On 11 January 2011, the TV programme Fiks Fare on Top Channel broadcast a videotape recorded by hidden camera in the Ministry of Economy containing conversations between the Economy Minister Dritan Prifti, and then Deputy Prime Minister Ilir Meta. The videotape starts with Meta asking Prifti to intervene in a concession tender for the Egnatia-Shushicë hydropower plant in exchange for €700,000 and 7% of the shares. It then shows Meta requesting Prifti to award the auction for the sale of crude oil to Halilaj Holding Group in exchange for €1 million. Meta then continues by asking Prifti to hire activists from their party, the Socialist Movement for Integration (LSI) at the time now renamed Freedom Party (PL). The party was the junior government partner in the government of then Prime Minister Sali Berisha, and controlled the ministries of Economy, Foreign Affairs and Health.

Meta is overheard bragging that because he is on good terms with Chief Justice Shpresa Becaj, after having hired her daughter as a diplomat at an embassy he can influence the decision of the court. He then asks Prifti to keep the affair quiet because he is afraid the prosecutor’s office might open an investigation if it learns about it. This forced him to resign as deputy Prime Minister of Albania, even though he claimed innocence.

During the ensuing trial in the High Court, three Albanian experts appointed by the court – Ermal Beqiri, Ardian Pollo and Artur Rrahmani – testified that the video was not original, an interpretation that lent support to the defense of Meta against the corruption allegation. Earlier forensic analyses by British and American experts commissioned by the prosecution had concluded the recording was authentic, but the court ruled that analysis inadmissible. Dritan Prifti strongly disputed the local experts' conclusions, urging the court to request an independent expertise from the scientific police of one or more EU member states.

=== Sigurimi Informer ===

On 27 July 2022, the Albanian Authority for Information on Former State Security Documents (AIDSSH) forwarded to Parliament the identity of the high profile political figure referred to as "I.M." in the initial report.
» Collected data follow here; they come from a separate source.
Lemma endpoints_edges e w : e \in edges D -> incident e w -> w \in verts D.
Proof. by move=> eD ew; rewrite mem_verts; apply/hasP; exists e. Qed.

Lemma u_verts : u \in verts D.
Proof. by apply: (endpoints_edges t_edges); rewrite incident_t eqxx. Qed.
Lemma v_verts : v \in verts D.
Proof. by apply: (endpoints_edges t_edges); rewrite incident_t eqxx orbT. Qed.
Lemma u'_verts : u' \notin verts D.
Proof.
by apply: notin_verts_far; rewrite /u' /u /q /p /level; case: b => /=; rewrite ?xpair_eqE; lia.
Qed.
Lemma v'_verts : v' \notin verts D.
Proof.
by apply: notin_verts_far; rewrite /v' /v /p /level; case: b => /=; rewrite ?xpair_eqE; lia.
Qed.
Lemma neq_uv : u != v.
Proof. by rewrite /u /v /q; case: b; rewrite /= xpair_eqE; lia. Qed.
Lemma neq_u'v' : u' != v'.
Proof. by rewrite /u' /v' /u /v /q; case: b; rewrite /= xpair_eqE; lia. Qed.

Lemma tile_edges_new : tile_edges q =i [:: t; x; y; z].
Proof.
apply: perm_mem; apply/permP => f.
rewrite /tile_edges /t /x /y /z /q /entry_edge /exit_edge.
by case: b; rewrite /= /south /north /west /east /=; lia.
Qed.

Lemma mem_edges_rcons : edges (rcons D b) =i [:: x, y, z & edges D].
Proof.
move=> e; rewrite edges_rcons -/p -/q tile_edges_new !inE.
by have [-> | _] := eqVneq e t; rewrite /= ?t_edges ?orbT // -!orbA.
Qed.

Lemma perm_edges_rcons : perm_eq (edges (rcons D b)) [:: x, y, z & edges D].
Proof.
apply: uniq_perm; [exact: undup_uniq | | exact: mem_edges_rcons].
have new_notin e w : w \notin verts D -> incident e w -> e \notin edges D.
  by move=> wD ew; apply: contra wD => /endpoints_edges; apply.
rewrite /= !inE undup_uniq !andbT !negb_or.
rewrite (new_notin x u') ?(new_notin y v') ?(new_notin z u') ?u'_verts ?v'_verts;
  rewrite ?incident_x ?incident_y ?incident_z ?eqxx ?orbT //= !andbT.
by rewrite /x /y /z /q /entry_edge /exit_edge; case: b; rewrite /= !xpair_eqE; lia.
Qed.

Lemma verts_rcons : verts (rcons D b) =i [:: u', v' & verts D].
Proof.
move=> w; rewrite mem_verts (eq_has_r mem_edges_rcons) /= -mem_verts.
rewrite incident_x incident_y incident_z !inE.
have [-> | _] := eqVneq w u; first by rewrite u_verts !orbT.
by have [-> | _] := eqVneq w v; rewrite ?v_verts ?orbT //=; case: (w == u'); case: (w == v').
Qed.

Lemma pm_count_rcons : pm_count (rcons D b) = pm_count D + pm_count_exit D b.
Proof.
rewrite /pm_count /pm_count_exit (count_pm_eq incident [::] verts_rcons perm_edges_rcons).
exact: (count_pm_extend endpoints_edges u_verts v_verts u'_verts v'_verts neq_uv neq_u'v'
          incident_x incident_y incident_z incident_t).
Qed.

Lemma pm_count_exit_rcons c :
  pm_count_exit (rcons D b) c = if c == b then pm_count D else pm_count_exit D b.
Proof.
rewrite /pm_count_exit /pm_count last_tile_rcons -/p -/q.
have -> : exit_edge q c = if c == b then z else y by rewrite /z /y; case: c; case: b.
rewrite (count_pm_eq incident [:: _] verts_rcons perm_edges_rcons).
case: eqP => _.
  exact: (count_pm_extend_z endpoints_edges u_verts v_verts u'_verts v'_verts neq_u'v'
            incident_x incident_y incident_z).
exact: (count_pm_extend_y endpoints_edges u_verts v_verts u'_verts v'_verts neq_uv neq_u'v'
          incident_x incident_y incident_z incident_t).
Qed.
End AddTile.

Section Mx2.
Local Open Scope ring_scope.

Definition mx2 (T : Type) (a b c d : T) : 'M[T]_2 :=
  \matrix_(i, j) if i == ord0 then (if j == ord0 then a else b)
                 else (if j == ord0 then c else d).

Lemma mx2_eta (T : Type) (A : 'M[T]_2) : A = mx2 (A 0 0) (A 0 1) (A 1 0) (A 1 1).
Proof.
apply/matrixP => i j; rewrite mxE.
by case: i => [[|[|//]] ?]; case: j => [[|[|//]] ?]; congr (A _ _); apply: val_inj.
Qed.

Lemma tr_mx2 (T : Type) (a b c d : T) : (mx2 a b c d)^T = mx2 a c b d.
Proof.
apply/matrixP => i j; rewrite !mxE.
by case: i => [[|[|//]] ?]; case: j => [[|[|//]] ?].
Qed.

Variable R : pzSemiRingType.

Lemma mul_mx2 (a b c d a' b' c' d' : R) :
  mx2 a b c d * mx2 a' b' c' d' =
  mx2 (a * a' + b * c') (a * b' + b * d') (c * a' + d * c') (c * b' + d * d').
Proof.
apply/matrixP => i j; rewrite -mulmxE !mxE !big_ord_recl big_ord0 !mxE.
by case: i => [[|[|//]] ?]; case: j => [[|[|//]] ?]; rewrite /= addr0.
Qed.

Lemma mx2_1 : 1 = mx2 1 0 0 1 :> 'M[R]_2.
Proof.
apply/matrixP => i j; rewrite !mxE.
by case: i => [[|[|//]] ?]; case: j => [[|[|//]] ?].
Qed.

End Mx2.

Section TransferMatrices.
Local Open Scope ring_scope.

Definition cf_mx (a : nat) : 'M[nat]_2 := mx2 a 1 1 0.

Definition turn_mx (f : bool) : 'M[nat]_2 := if f then cf_mx 1 else mx2 1 0 1 1.

(* Flag i is true iff tile G_i is entered and left in the same direction;
   G_1 is entered through its south edge and G_d left in direction c. *)
Definition straight (D : seq bool) (c : bool) : seq bool :=
  pairmap (fun b b' => b == b') true (rcons D c).

Definition transfer_mx (D : seq bool) (c : bool) : 'M[nat]_2 :=
  cf_mx 1 * \prod_(f <- straight D c) turn_mx f.

Lemma mul_turn_mx (M : 'M[nat]_2) f :
  M * turn_mx f =
  mx2 (M 0 0 + M 0 1) (if f then M 0 0 else M 0 1)
      (M 1 0 + M 1 1) (if f then M 1 0 else M 1 1).
Proof.
rewrite [M in LHS]mx2_eta /turn_mx /cf_mx.
by case: f; rewrite mul_mx2 !(mulr1, mulr0, addr0, add0r).
Qed.

Lemma transfer_mx_rcons D b c :
  transfer_mx (rcons D b) c = transfer_mx D b * turn_mx (b == c).
Proof.
by rewrite /transfer_mx /straight -cats1 pairmap_cat cats1 last_rcons big_rcons /= mulrA.
Qed.

Lemma pm_count_transfer D c :
  pm_count D = transfer_mx D c 0 0 /\ pm_count_exit D c = transfer_mx D c 0 1.
Proof.
elim/last_ind: D c => [|D b IH] c.
  by case: c; rewrite /transfer_mx /straight /= big_seq1 /turn_mx /cf_mx mul_mx2 !mxE;
    vm_compute.
have [IH0 IH1] := IH b.
rewrite transfer_mx_rcons mul_turn_mx pm_count_rcons pm_count_exit_rcons IH0 IH1 !mxE /=.
by rewrite eq_sym; case: (c == b).
Qed.
End TransferMatrices.

Definition sign_tile (f : edge -> bool) (p : point) : Prop :=
  [/\ f (north p) = f (west p), f (south p) = f (east p) & f (north p) != f (south p)].

Lemma sign_tile_flip f p b c : sign_tile f p ->
  (f (entry_edge p b) != f (exit_edge p c)) = (b == c).
Proof.
by case=> NW SE NS; case: b; case: c; rewrite /= -?NW -?SE ?eqxx // eq_sym.
Qed.

Lemma sign_flips_from f p b D eN : {in tiles_from p D, forall r, sign_tile f r} ->
  pairmap (fun s s' => s != s') (f (entry_edge p b)) (map f (walk p D eN)) =
  pairmap (fun b b' => b == b') b (rcons D eN).
Proof.
elim: D p b => [|c D IH] p b signD /=.
  by rewrite sign_tile_flip //; apply: signD; rewrite mem_head.
rewrite sign_tile_flip; last by apply: signD; rewrite mem_head.
congr (_ :: _).
have -> : (if c then north p else east p) = entry_edge (step p c) c by case: (c).
by apply: IH => r rD; apply: signD; rewrite inE rD orbT.
Qed.

Lemma sign_flips f D eN : sign_function D f ->
  pairmap (fun s s' => s != s') (f (south (0, 0))) (map f (walk (0, 0) D eN)) = straight D eN.
Proof. exact: (sign_flips_from true). Qed.

Lemma sign_blocks_consS s k a :
  sign_blocks s (k.+1 :: a) = s :: nseq k s ++ sign_blocks (~~ s) a.
Proof.
rewrite /sign_blocks /= -[1]addn0 iotaDl -map_comp; congr (_ :: _ ++ flatten _).
by apply: eq_map => i /=; case: (odd i); rewrite ?negbK.
Qed.

Section ContinuantMatrices.
Local Open Scope ring_scope.

Lemma prod_cf_mx_rev a : \prod_(x <- rev a) cf_mx x = (\prod_(x <- a) cf_mx x)^T.
Proof.
elim: a => [|x a IH]; first by rewrite big_nil trmx1.
by rewrite rev_cons -cats1 big_cat big_seq1 /= IH big_cons -mulmxE trmx_mul mulmxE tr_mx2.
Qed.

Lemma prod_turn_straight k : cf_mx 1 * \prod_(f <- nseq k false) turn_mx f = cf_mx k.+1.
Proof.
have -> : \prod_(f <- nseq k false) turn_mx f = mx2 1 0 k 1.
  elim: k => [|k IH]; first by rewrite big_nil mx2_1.
  by rewrite big_cons IH mul_mx2 !(mul1r, mul0r, mulr0, addr0, add0r).
by rewrite /cf_mx mul_mx2 !(mul1r, mulr1, mul0r, mulr0, addr0, add0r).
Qed.

Lemma pairmap_neq_nseq (s : bool) k l :
  pairmap (fun s s' => s != s') s (nseq k s ++ l) =
  nseq k false ++ pairmap (fun s s' => s != s') s l.
Proof. by elim: k => //= k ->; rewrite eqxx. Qed.

Lemma pairmap_neq_block (s : bool) k l :
  pairmap (fun s s' => s != s') s (nseq k s ++ ~~ s :: l) =
  nseq k false ++ true :: pairmap (fun s s' => s != s') (~~ s) l.
Proof. by rewrite pairmap_neq_nseq /=; case: s. Qed.

Lemma prod_turn_sign_blocks s k a : all (fun x => 0 < x)%N a ->
  cf_mx 1 * \prod_(f <- pairmap (fun s s' => s != s') s (nseq k s ++ sign_blocks (~~ s) a))
              turn_mx f =
  \prod_(x <- k.+1 :: a) cf_mx x.
Proof.
elim: a k s => [|a1 a IH] k s a_pos.
  by rewrite pairmap_neq_nseq [pairmap _ _ _]/= cats0 prod_turn_straight big_seq1.
case/andP: a_pos => a1_pos a_pos; case: a1 a1_pos => [//|j] _.
rewrite sign_blocks_consS pairmap_neq_block big_cat big_cons /= [in RHS]big_cons.
by rewrite mulrA prod_turn_straight IH.
Qed.

End ContinuantMatrices.

(* The continuant K(a_1, ..., a_n): the numerator of [a_1; a_2, ..., a_n]. *)
Definition continuant (a : seq nat) : nat := (\prod_(x <- a) cf_mx x)%R 0%R 0%R.

Lemma continuant_palindrome a0 a :
  continuant (rev (a0 :: a) ++ a0 :: a) = continuant (a0 :: a) ^ 2 + continuant a ^ 2.
Proof.
rewrite /continuant big_cat /= prod_cf_mx_rev !big_cons.
set P := (\prod_(x <- a) cf_mx x)%R.
rewrite [P]mx2_eta /cf_mx mul_mx2 tr_mx2 mul_mx2 !mxE /=.
by rewrite !mul1r mul0r addr0 -!mulnn.
Qed.

Lemma m_snake_continuant a D : all (fun x => 0 < x) a -> is_snake a D ->
  m_snake a D = continuant a.
Proof.
move=> a_pos [[small ->] | [big [_ [f [eN [s [signD blocks]]]]]]].
  rewrite /m_snake small /continuant.
  case: a a_pos small => [|a0 [|a1 a]] /=; first by rewrite big_nil mx2_1 mxE.
    by case: a0 => [|[|]] //; rewrite big_seq1 mxE.
  by case/and3P; lia.
rewrite /m_snake leqNgt big /= num_pm_count.
have [-> _] := pm_count_transfer D eN.
rewrite /transfer_mx -(sign_flips eN signD).
case: a a_pos big blocks => [//|[//|k] a] /andP [_ a_pos] _.
rewrite /distinguished_edges sign_blocks_consS /= => -[-> ->].
by rewrite prod_turn_sign_blocks.
Qed.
Following our previous requests and proposals, but especially being encouraged by the most recent denunciation that came to the institution on the purity of the image of one of the highest personalities of the state, former president of the Republic, Ilir Metaj… it turns out that he actually appears in the documents created by the former State Intelligence Structure
— AIDSSH

Two former commissions were established to run background checks on politicians and their ties to the communist regime awarded Meta a "purity certificate". Meta also denied the claims and slammed the Authority for Information on Former State Security Documents, calling it the "Manipulations Authority".

=== Lobbying ===

Kronen Zeitung published an article in which Meta is accused of lobbying via a shell company, the article claims Meta paid $700,000 through a Cypriot shell company to gain access to the 2017 inauguration of Donald Trump. On 20 January 2017 Meta shared a photo of himself and SMI leader Petrit Vasili at social media during the inauguration of Donald Trump in Capitol, Washington, D.C.. Meta claims to have been invited by the Republican Party, but according to a US court documents, "$700,000 of a lawyer (who is) close to Meta went through the off shore company Dorelita Limited. Socialist Movement for Integration signed a contract with the alleged lawyer a few weeks prior the Inauguration.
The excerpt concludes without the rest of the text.